WHAT YOU ARE ASKED TO DO - Would you quote the material below from its first line through the line containing "From mathcomp Require Import complex", exactly and with both ends included?

EXTRACTED INFORMATION -
-*-*-

(* The global sections of L are the pairs of forms (s, t) of degrees (da, db)
   with s(p_i) = lam_i t(q_i) at the four nodes, so h^0 = nsec da + nsec db - r
   where r is the rank of the 4-column gluing matrix.  Evaluation of forms of
   degree d at 4 distinct points of P^1 has rank min(d+1, 4) (products of linear
   forms interpolate), so if either degree is negative or at least 3 the rank
   is min(nsec da + nsec db, 4) whatever the data.  If 0 <= db <= da <= 2, put
   all nodes at (x_i : 1) on both components: with lam = 1 the gluing matrix has
   rank da + 1, while with lam_i = x_i^(da+1) its rows span the evaluations of
   all forms of degree da + 1, of rank da + 2.  Swapping the two components
   (and inverting lam) preserves h^0, which handles db > da. *)

From mathcomp Require Import all_boot all_order all_algebra.
From mathcomp Require Import complex Rstruct ring zify.
Set Implicit Arguments. Unset Strict Implicit. Unset Printing Implicit Defensive.
Import Order.TTheory GRing.Theory Num.Theory.
Local Open Scope ring_scope.

Section HomogeneousForms.
Variable F : fieldType.
Implicit Types (P Q : {poly F}) (x q : F * F).

Definition hhorner (d : nat) P x : F := \sum_(k < d.+1) P`_k * monoval d k x.

Lemma hhorner_dehomog d P x : x.2 != 0 -> (size P <= d.+1)%N ->
  hhorner d P x = x.2 ^+ d * P.[x.1 / x.2].
Proof.
move=> y0 sP; rewrite (horner_coef_wide _ sP) mulr_sumr; apply: eq_bigr => k _.
have kd : (k <= d)%N by rewrite -ltnS.
have -> : x.2 ^+ d = x.2 ^+ k * x.2 ^+ (d - k) by rewrite -exprD subnKC.
rewrite /monoval /= expr_div_n; field; exact: expf_neq0.
Qed.

Lemma hhorner_at_infinity d P x : x.2 = 0 -> hhorner d P x = P`_d * x.1 ^+ d.
Proof.
move=> y0; rewrite /hhorner big_ord_recr /= big1 => [|k _].
  by rewrite /monoval /= subnn y0 expr0 mulr1 add0r.
by rewrite /monoval /= y0 expr0n subn_eq0 leqNgt ltn_ord !mulr0.
Qed.

Lemma coefM_add_sizes a b P Q : (size P <= a.+1)%N -> (size Q <= b.+1)%N ->
  (P * Q)`_(a + b) = P`_a * Q`_b.
Proof.
move=> sP sQ; have ab : (a < (a + b).+1)%N by rewrite ltnS leq_addr.
rewrite coefM (bigD1 (Ordinal ab)) //= addKn big1 ?addr0 // => j jna.
have {}jna : (j : nat) != a by apply: contra jna => /eqP ja; apply/eqP/val_inj.
have [ja|aj] := ltnP j a.
  by rewrite [Q`__]nth_default ?mulr0 //; apply: leq_trans sQ _; lia.
by rewrite nth_default ?mul0r //; apply: leq_trans sP _; lia.
Qed.

Lemma hhornerM a b P Q x : (size P <= a.+1)%N -> (size Q <= b.+1)%N ->
  hhorner (a + b) (P * Q) x = hhorner a P x * hhorner b Q x.
Proof.
move=> sP sQ; have [y0|y0] := eqVneq x.2 0.
  by rewrite !hhorner_at_infinity // coefM_add_sizes // exprD; ring.
have sPQ : (size (P * Q)%R <= (a + b).+1)%N.
  by apply: leq_trans (size_polyMleq P Q) _; lia.
by rewrite !hhorner_dehomog // hornerM exprD; ring.
Qed.
(* Let $K=\mathrm{SU}(2)$, $\mathcal{M}=\{(g_1,h_1,g_2,h_2)\in K^4:[g_1,h_1][g_2,h_2]=I\}/K$, and set $P_1=\{[a;b;b;a]: a,b\in K,\ [a,b]=I\}$ and $P_2=\{[a;b;b^{-1};a^{-1}]: a,b\in K,\ [a,b]=I\}$. For a commuting pair $(g,h)\in K^2$ let $$I_{(g,h)}=\{[g;h;khk^{-1};kgk^{-1}] : k\in K,\ k^2=-I\}\subset\mathcal{M}.$$ (1) If $(g,h)\notin\{(\pm I,\pm I)\}$, then $I_{(g,h)}\cong S^2/S^1$ is a closed interval: there is a homeomorphism $\mathfrak{I}_{(g,h)}:[0,1]\to I_{(g,h)}$ with $\mathfrak{I}_{(g,h)}(0)\in P_1$ (namely $[g;h;h;g]$), $\mathfrak{I}_{(g,h)}(1)\in P_2$ (namely $[g;h;h^{-1};g^{-1}]$), and $\mathfrak{I}_{(g,h)}(t)\notin P_1\cup P_2$ for all $t\in(0,1)$. (2) If $(g,h)=(\pm I,\pm I)$, then $I_{(g,h)}$ is a single point, one of $[I;I;I;I]$, $[I;-I;-I;I]$, $[-I;I;I;-I]$, $[-I;-I;-I;-I]$.
   Context: $[a,b]=aba^{-1}b^{-1}$; $K$ acts by simultaneous conjugation and $[g_1;h_1;g_2;h_2]$ denotes a class in $\mathcal{M}$ (quotient topology). $P_1$ is the boundary surface of the ''Goldman pillow'' $\{[a;b;b;a]\}$ and $P_2$ the boundary surface of the second pillow $\{[a;b;kbk^{-1};kak^{-1}]: k^2=-I, [a,b]\text{ commutes with }k\}$ appearing in the fixed set of the involution $[g_1;h_1;g_2;h_2]\mapsto[h_2;g_2;h_1;g_1]$. *)

From HB Require Import structures.
From mathcomp Require Import all_boot all_order all_algebra.
From mathcomp Require Import all_classical all_reals all_analysis.
From mathcomp Require Import generic_quotient.
Set Implicit Arguments. Unset Strict Implicit. Unset Printing Implicit Defensive.
Import Order.TTheory GRing.Theory Num.Theory.
Import numFieldTopology.Exports.
Local Open Scope classical_set_scope.
Local Open Scope ring_scope.
Local Open Scope quotient_scope.

Section SU2.
Variable R : realType.

(* A complex 2x2 matrix A + iB is encoded by the pair (A, B) of real
   2x2 matrices; the topology is the product of the matrix topologies,
   i.e. the usual topology of M_2(C) = R^8. *)
Definition cmx := ('M[R]_2 * 'M[R]_2)%type.

Definition cmul (u v : cmx) : cmx :=
  (u.1 *m v.1 - u.2 *m v.2, u.1 *m v.2 + u.2 *m v.1).
Definition cadj (u : cmx) : cmx := (u.1^T, - u.2^T).
Definition cone : cmx := (1%:M, 0).
Definition cmone : cmx := (- 1%:M, 0).

Definition zmul (z w : R * R) : R * R := (z.1 * w.1 - z.2 * w.2, z.1 * w.2 + z.2 * w.1).
Definition zsub (z w : R * R) : R * R := (z.1 - w.1, z.2 - w.2).
Definition cdet (u : cmx) : R * R :=
  let z i j := (u.1 i j, u.2 i j) in
  zsub (zmul (z 0 0) (z 1 1)) (zmul (z 0 1) (z 1 0)).

Definition SU2 (u : cmx) : Prop := cmul u (cadj u) = cone /\ cdet u = (1, 0).

(* inverse in SU(2) is the conjugate transpose *)
Definition cinv (u : cmx) : cmx := cadj u.
Definition ccomm (a b : cmx) : cmx := cmul (cmul (cmul a b) (cinv a)) (cinv b).
Definition cconj (k x : cmx) : cmx := cmul (cmul k x) (cinv k).

Definition X4 := (cmx * cmx * cmx * cmx)%type.
Definition quad (g1 h1 g2 h2 : cmx) : X4 := (g1, h1, g2, h2).

Definition conj4 (k : cmx) (x : X4) : X4 :=
  let: (g1, h1, g2, h2) := x in
  (cconj k g1, cconj k h1, cconj k g2, cconj k h2).

Definition Hom : set X4 := fun x =>
  let: (g1, h1, g2, h2) := x in
  [/\ SU2 g1, SU2 h1, SU2 g2, SU2 h2 &
      cmul (ccomm g1 h1) (ccomm g2 h2) = cone].

Definition HomT := set_type Hom.

Definition orbit (x : X4) : set X4 := [set y | exists k, SU2 k /\ y = conj4 k x].

Definition orb_rel : rel HomT := fun x y => `[< orbit (val x) = orbit (val y) >].

Lemma orb_rel_refl : reflexive orb_rel.
Proof. by move=> x; apply/asboolP. Qed.
Lemma orb_rel_sym : symmetric orb_rel.
Proof. by move=> x y; apply/idP/idP => /asboolP H; apply/asboolP. Qed.
Lemma orb_rel_trans : transitive orb_rel.
Proof. by move=> y x z /asboolP H1 /asboolP H2; apply/asboolP; rewrite H1. Qed.

Canonical orb_equiv := EquivRel orb_rel orb_rel_refl orb_rel_sym orb_rel_trans.

Definition M := quotient_topology {eq_quot orb_equiv}.

Definition piM (x : HomT) : M := \pi_({eq_quot orb_equiv}) x.

(* [x] = m : the class in M of the quadruple x (x must lie in Hom) *)
Definition is_class (m : M) (x : X4) : Prop :=
  exists p : HomT, val p = x /\ m = piM p.

Definition P1 : set M := [set m | exists a b, [/\ SU2 a, SU2 b, ccomm a b = cone &
  is_class m (quad a b b a)]].
Definition P2 : set M := [set m | exists a b, [/\ SU2 a, SU2 b, ccomm a b = cone &
  is_class m (quad a b (cinv b) (cinv a))]].

Definition Iset (g h : cmx) : set M := [set m | exists k, [/\ SU2 k, cmul k k = cmone &
  is_class m (quad g h (cconj k h) (cconj k g))]].

End SU2.

Definition homeo_from_unit {R : realType} {Y : topologicalType} (f : R -> Y) (S : set Y) : Prop :=
  [/\ {within `[0, 1], continuous f},
      {in `[0, 1] &, injective f},
      f @` `[0, 1] = S &
      forall U : set R, open U ->
        exists V : set Y, open V /\ f @` (U `&` `[0, 1]) = V `&` S].
Lemma act_word_pe u v m : pres_eq RG1 u v -> state_ok m -> act_word u m = act_word v m.
Proof.
  intros H Hm. induction H as [x y [u v l | u v r Hr]| | |]; auto.
  - rewrite !act_word_app. f_equal. apply act_cancel, act_word_ok, Hm.
  - rewrite !act_word_app. f_equal. apply act_relator, act_word_ok; auto.
  - congruence.
Qed.

Lemma eval_pe u v : pres_eq RG1 u v -> eval u = eval v.
Proof. intros H. apply act_word_pe; [exact H | reflexivity]. Qed.

Definition b_letter : letter G1gen := (gb, false).
Definition a_letter (c : letter Aidx) : letter G1gen := (ga (fst c), snd c).

Definition g1_eqb (x y : letter G1gen) : bool :=
  match fst x, fst y with
  | ga i, ga j => aidx_eqb i j
  | gb, gb => true
  | _, _ => false
  end && Bool.eqb (snd x) (snd y).

Lemma g1_eqb_spec x y : g1_eqb x y = true <-> x = y.
Proof.
  destruct x as [[[]|] []], y as [[[]|] []]; simpl; split; intro H;
    try discriminate; reflexivity.
Qed.

Lemma bpow_zpow n : bpow n = zpow [b_letter] n.
Proof.
  assert (Hrep : forall (l : letter G1gen) m, repeat l m = crep [l] m)
    by (induction m as [|m IH]; simpl; [|rewrite IH]; reflexivity).
  unfold bpow, zpow. destruct (0 <=? n); apply Hrep.
Qed.

Lemma bpow_succ n : pres_eq RG1 (b_letter :: bpow n) (bpow (n + 1)).
Proof. rewrite !bpow_zpow. apply (zpow_succ _ _ [b_letter]). Qed.

Lemma bpow_pred n : pres_eq RG1 ((gb, true) :: bpow n) (bpow (n - 1)).
Proof. rewrite !bpow_zpow. apply (zpow_pred _ _ [b_letter]). Qed.

Ltac by_relator k p s :=
  apply (pe_by_rel _ _ g1_eqb_spec _ (nth k RG1 []) p s);
    [simpl; tauto | reflexivity | reflexivity].

Lemma a_b_swap c : pres_eq RG1 [a_letter c; b_letter] [b_letter; a_letter (sigma c)].
Proof.
  destruct c as [[] []]; simpl.
  - apply pe_sym; by_relator 0%nat [(ga i0, true)] [b_letter].
  - by_relator 0%nat (@nil (letter G1gen)) [b_letter; (ga im1, false)].
  - apply pe_sym; by_relator 1%nat [(ga im1, true)] [b_letter].
  - by_relator 1%nat (@nil (letter G1gen)) [b_letter; (ga im2, false)].
  - apply pe_sym; by_relator 2%nat [(ga im2, true)] [b_letter].
  - by_relator 2%nat (@nil (letter G1gen)) [b_letter; (ga i0, true)].
Qed.

Lemma a_binv_swap c :
  pres_eq RG1 [a_letter c; (gb, true)] [(gb, true); a_letter (sigma_inv c)].
Proof.
  pose proof (a_b_swap (sigma_inv c)) as H. rewrite sigma_sigma_inv in H.
  exact (conj_swap _ _ _ _ b_letter H).
Qed.

Lemma a_bpow_swap n c :
  pres_eq RG1 (a_letter c :: bpow n) (bpow n ++ [a_letter (spow n c)]).
Proof.
  revert c. induction n as [|n IH|n IH] using Z.peano_ind; intros c.
  - apply pe_refl.
  - rewrite <- Z.add_1_r.
    apply pe_trans with ([a_letter c; b_letter] ++ bpow n).
    { apply (pe_app_l _ _ [a_letter c]), pe_sym, bpow_succ. }
    apply pe_trans with ([b_letter] ++ a_letter (sigma c) :: bpow n).
    { apply (pe_app_r _ _ _ [_; _] [_; _]), a_b_swap. }
    apply pe_trans with ((b_letter :: bpow n) ++ [a_letter (spow (n + 1) c)]).
    { rewrite <- spow_sigma. apply (pe_app_l _ _ [b_letter]), IH. }
    apply pe_app_r, bpow_succ.
  - rewrite <- Z.sub_1_r.
    apply pe_trans with ([a_letter c; (gb, true)] ++ bpow n).
    { apply (pe_app_l _ _ [a_letter c]), pe_sym, bpow_pred. }
    apply pe_trans with ([(gb, true)] ++ a_letter (sigma_inv c) :: bpow n).
    { apply (pe_app_r _ _ _ [_; _] [_; _]), a_binv_swap. }
    apply pe_trans with (((gb, true) :: bpow n) ++ [a_letter (spow (n - 1) c)]).
    { rewrite <- spow_sigma_inv. apply (pe_app_l _ _ [(gb, true)]), IH. }
    apply pe_app_r, bpow_pred.
Qed.

Definition state_word (m : state) : word G1gen := normal_form (fst m) (snd m).

Lemma aword_acons c w : pres_eq RG1 (a_letter c :: aword w) (aword (acons c w)).
Proof.
  destruct w as [|l t]; simpl; [apply pe_refl|].
  destruct (aletter_eqb l (inv_letter c)) eqn:E; [|apply pe_refl].
  apply aletter_eqb_spec in E; subst. exact (pe_free _ _ [] (aword t) (a_letter c)).
Qed.

Lemma state_word_act l m : pres_eq RG1 (l :: state_word m) (state_word (act l m)).
Proof.
  destruct m as [n w]. unfold state_word, normal_form; simpl.
  destruct l as [[i|] e]; [|destruct e].
  - change (ga i, e) with (a_letter (i, e)).
    apply pe_trans with ((bpow n ++ [a_letter (spow n (i, e))]) ++ aword w).
    { exact (pe_app_r _ _ (aword w) (_ :: _) _ (a_bpow_swap n (i, e))). }
    rewrite <- app_assoc. apply pe_app_l, aword_acons.
  - exact (pe_app_r _ _ (aword w) ((gb, true) :: _) _ (bpow_pred n)).
  - exact (pe_app_r _ _ (aword w) (b_letter :: _) _ (bpow_succ n)).
Qed.

Lemma pe_state_word u : pres_eq RG1 u (state_word (eval u)).
Proof.
  induction u as [|l u IH]; [apply pe_refl|].
  eapply pe_trans; [apply (pe_app_l _ _ [l]), IH | apply state_word_act].
Qed.

Lemma pe_of_eval u v : eval u = eval v -> pres_eq RG1 u v.
Proof.
  intros H. eapply pe_trans; [apply pe_state_word|].
  rewrite H. apply pe_sym, pe_state_word.
Qed.

Lemma act_word_bpow n m : state_ok m -> act_word (bpow n) m = (fst m + n, snd m).
Proof.
  destruct m as [k s]; intros Hm.
  induction n as [|n IH|n IH] using Z.peano_ind.
  - simpl. f_equal; lia.
  - rewrite <- Z.add_1_r, <- (act_word_pe _ _ _ (bpow_succ n) Hm). simpl. rewrite IH.
    simpl. f_equal; lia.
  - rewrite <- Z.sub_1_r, <- (act_word_pe _ _ _ (bpow_pred n) Hm). simpl. rewrite IH.
    simpl. f_equal; lia.
Qed.

Lemma eval_aword s : areduced s = true -> eval (aword s) = (0, s).
Proof.
  induction s as [|c s IH]; intros H; auto.
  change (eval (aword (c :: s))) with (act (a_letter c) (eval (aword s))).
  rewrite IH by (eapply is_reduced_tail; eauto).
  destruct c as [i e]. simpl. unfold acons. now rewrite cancel_cons_eq.
Qed.

Lemma eval_normal_form n s : areduced s = true -> eval (normal_form n s) = (n, s).
Proof.
  intros H. unfold eval, normal_form. rewrite act_word_app.
  change (act_word (aword s) (0, [])) with (eval (aword s)).
  rewrite eval_aword, act_word_bpow by auto. reflexivity.
Qed.

Theorem normal_form_exists (w : word G1gen) :
  exists (n : Z) (s : word Aidx), reduced s /\ pres_eq RG1 w (normal_form n s).
Proof.
  exists (fst (eval w)), (snd (eval w)). split.
  - apply (reduced_iff _ _ aletter_eqb_spec), eval_ok.
  - apply pe_state_word.
Qed.

Theorem normal_form_unique (n n' : Z) (s s' : word Aidx) :
  reduced s -> reduced s' -> pres_eq RG1 (normal_form n s) (normal_form n' s') ->
  n = n' /\ s = s'.
Proof.
  intros Hs Hs' H. apply eval_pe in H.
  rewrite !eval_normal_form in H by now apply (reduced_iff _ _ aletter_eqb_spec).
  now inversion H.
Qed.

Definition c_eqb (x y : letter Cgen) : bool :=
  match fst x, fst y with ca, ca | cb, cb => true | _, _ => false end
  && Bool.eqb (snd x) (snd y).

Lemma c_eqb_spec x y : c_eqb x y = true <-> x = y.
Proof.
  destruct x as [[] []], y as [[] []]; simpl; split; intro H; try discriminate; reflexivity.
Qed.

Definition thetaG1C (g : G1gen) : word Cgen :=
  match g with
  | ga i0 => [(ca, false)]
  | ga im1 => [(cb, true); (ca, false); (cb, false)]
  | ga im2 => [(cb, true); (cb, true); (ca, false); (cb, false); (cb, false)]
  | gb => [(cb, false)]
  end.

(* The relator of C maps to a word acting trivially on states. *)
Lemma psi_wd : hom_wd RC RG1 psiCG1.
Proof.
  apply hom_wd_of_relators. intros r [<-|[]].
  apply pe_of_eval. vm_compute. reflexivity.
Qed.

(* The first two relations of G1 hold freely in C; the third one is the
   relator of C conjugated by b^2. *)
Lemma theta_wd : hom_wd RG1 RC thetaG1C.
Proof.
  apply hom_wd_of_relators. intros r [<-|[<-|[<-|[]]]].
  - now apply (pe_by_free_reduce _ _ c_eqb_spec).
  - now apply (pe_by_free_reduce _ _ c_eqb_spec).
  - apply (pe_by_rel _ _ c_eqb_spec _ (nth 0 RC [])
      [(cb, true); (cb, true); (ca, false); (cb, false); (cb, false); (cb, false)]
      [(cb, true); (cb, true); (cb, true); (ca, true); (cb, false); (cb, false)]);
      [simpl; tauto | reflexivity | reflexivity].
Qed.

Lemma theta_psi u : subst thetaG1C (subst psiCG1 u) = u.
Proof.
  induction u as [|l u IH]; auto.
  change (l :: u) with ([l] ++ u). rewrite !subst_app, IH.
  now destruct l as [[] []].
Qed.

-*-*-

ANSWER TO THE PROBLEM -
(* The global sections of L are the pairs of forms (s, t) of degrees (da, db)
   with s(p_i) = lam_i t(q_i) at the four nodes, so h^0 = nsec da + nsec db - r
   where r is the rank of the 4-column gluing matrix.  Evaluation of forms of
   degree d at 4 distinct points of P^1 has rank min(d+1, 4) (products of linear
   forms interpolate), so if either degree is negative or at least 3 the rank
   is min(nsec da + nsec db, 4) whatever the data.  If 0 <= db <= da <= 2, put
   all nodes at (x_i : 1) on both components: with lam = 1 the gluing matrix has
   rank da + 1, while with lam_i = x_i^(da+1) its rows span the evaluations of
   all forms of degree da + 1, of rank da + 2.  Swapping the two components
   (and inverting lam) preserves h^0, which handles db > da. *)

From mathcomp Require Import all_boot all_order all_algebra.
From mathcomp Require Import complex Rstruct ring zify.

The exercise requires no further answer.